*** Opening Task inputs ***

(* Let $\Sigma$ be a finite alphabet. A language $L\subseteq\Sigma^*$ is regular in the classical sense if and only if the set $\{\triangleleft\, w\,\triangleright \mid w\in L\}$ is the language of arrows recognized by some nondeterministic finite-state automaton over the category $\mathcal{F}(\mathrm{Br}(\Sigma))$.
   Context: $\mathrm{Br}(\Sigma)$ is the graph with three nodes $\bot,*,\top$, a loop $a:*\to *$ for each $a\in\Sigma$, an edge $\triangleleft:\bot\to *$ and an edge $\triangleright:*\to\top$; $\mathcal{F}(\mathrm{Br}(\Sigma))$ is the free category it generates (objects are nodes, arrows are finite paths), so the arrows $\bot\to\top$ are exactly the paths $\triangleleft\, w\,\triangleright$ for $w\in\Sigma^*$. Composition is written diagrammatically. A functor $p:\mathcal{D}\to\mathcal{C}$ is ULF if for every arrow $\alpha$ of $\mathcal{D}$ and arrows $u,v$ of $\mathcal{C}$ with $p(\alpha)=uv$ there is a unique pair $\beta,\gamma$ with $\alpha=\beta\gamma$, $p(\beta)=u$, $p(\gamma)=v$; it is finitary if $p^{-1}(A)$ and $p^{-1}(w)$ are finite for every object $A$ and arrow $w$ of $\mathcal{C}$. A nondeterministic finite-state automaton over a category $\mathcal{C}$ is a tuple $M=(\mathcal{C},\mathcal{Q},p,q_0,q_f)$ with $p:\mathcal{Q}\to\mathcal{C}$ a finitary ULF functor and $q_0,q_f$ objects of $\mathcal{Q}$; the language of arrows it recognizes is $\{p(\alpha)\mid \alpha:q_0\to q_f \text{ in } \mathcal{Q}\}\subseteq \mathcal{C}(p(q_0),p(q_f))$. ''Regular in the classical sense'' means recognized by a classical nondeterministic finite automaton over $\Sigma$ (finite set of states, finite set of labelled transitions, a set of initial states and a set of accepting states, no $\epsilon$-transitions). *)

From mathcomp Require Import all_boot.
From Stdlib Require List.

Set Implicit Arguments.
Unset Strict Implicit.
Unset Printing Implicit Defensive.

(* Composition is written DIAGRAMMATICALLY: cat_comp f g = "f then g" *)
(* and is only meaningful when cat_cod f = cat_dom g.                 *)
Record Cat := {
  cat_ob : Type;
  cat_arr : Type;
  cat_dom : cat_arr -> cat_ob;
  cat_cod : cat_arr -> cat_ob;
  cat_id : cat_ob -> cat_arr;
  cat_comp : cat_arr -> cat_arr -> cat_arr;
  cat_dom_id : forall A, cat_dom (cat_id A) = A;
  cat_cod_id : forall A, cat_cod (cat_id A) = A;
  cat_dom_comp : forall f g, cat_cod f = cat_dom g ->
      cat_dom (cat_comp f g) = cat_dom f;
  cat_cod_comp : forall f g, cat_cod f = cat_dom g ->
      cat_cod (cat_comp f g) = cat_cod g;
  cat_comp_idl : forall f, cat_comp (cat_id (cat_dom f)) f = f;
  cat_comp_idr : forall f, cat_comp f (cat_id (cat_cod f)) = f;
  cat_comp_assoc : forall f g h, cat_cod f = cat_dom g -> cat_cod g = cat_dom h ->
      cat_comp (cat_comp f g) h = cat_comp f (cat_comp g h)
}.

Record Functor (D C : Cat) := {
  fobj : cat_ob D -> cat_ob C;
  farr : cat_arr D -> cat_arr C;
  farr_dom : forall f, cat_dom (farr f) = fobj (cat_dom f);
  farr_cod : forall f, cat_cod (farr f) = fobj (cat_cod f);
  farr_id : forall A, farr (cat_id A) = cat_id (fobj A);
  farr_comp : forall f g, cat_cod f = cat_dom g ->
      farr (cat_comp f g) = cat_comp (farr f) (farr g)
}.

Definition ULF (D C : Cat) (p : Functor D C) : Prop :=
  forall (alpha : cat_arr D) (u v : cat_arr C),
    cat_cod u = cat_dom v ->
    farr p alpha = cat_comp u v ->
    exists beta gamma : cat_arr D,
      [/\ cat_cod beta = cat_dom gamma,
          alpha = cat_comp beta gamma,
          farr p beta = u, farr p gamma = v &
          forall beta' gamma' : cat_arr D,
            cat_cod beta' = cat_dom gamma' ->
            alpha = cat_comp beta' gamma' ->
            farr p beta' = u -> farr p gamma' = v ->
            beta' = beta /\ gamma' = gamma].

Definition finitary (D C : Cat) (p : Functor D C) : Prop :=
  (forall A : cat_ob C, exists l : list (cat_ob D),
      forall X, fobj p X = A -> List.In X l) /\
  (forall w : cat_arr C, exists l : list (cat_arr D),
      forall a, farr p a = w -> List.In a l).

*** Closing Task inputs ***

» **Task statement**: Take the line holding "farr p beta'" and all lines after it through the end of the data, and set them down exactly.

» **Result**:
            farr p beta' = u -> farr p gamma' = v ->
            beta' = beta /\ gamma' = gamma].

Definition finitary (D C : Cat) (p : Functor D C) : Prop :=
  (forall A : cat_ob C, exists l : list (cat_ob D),
      forall X, fobj p X = A -> List.In X l) /\
  (forall w : cat_arr C, exists l : list (cat_arr D),
      forall a, farr p a = w -> List.In a l).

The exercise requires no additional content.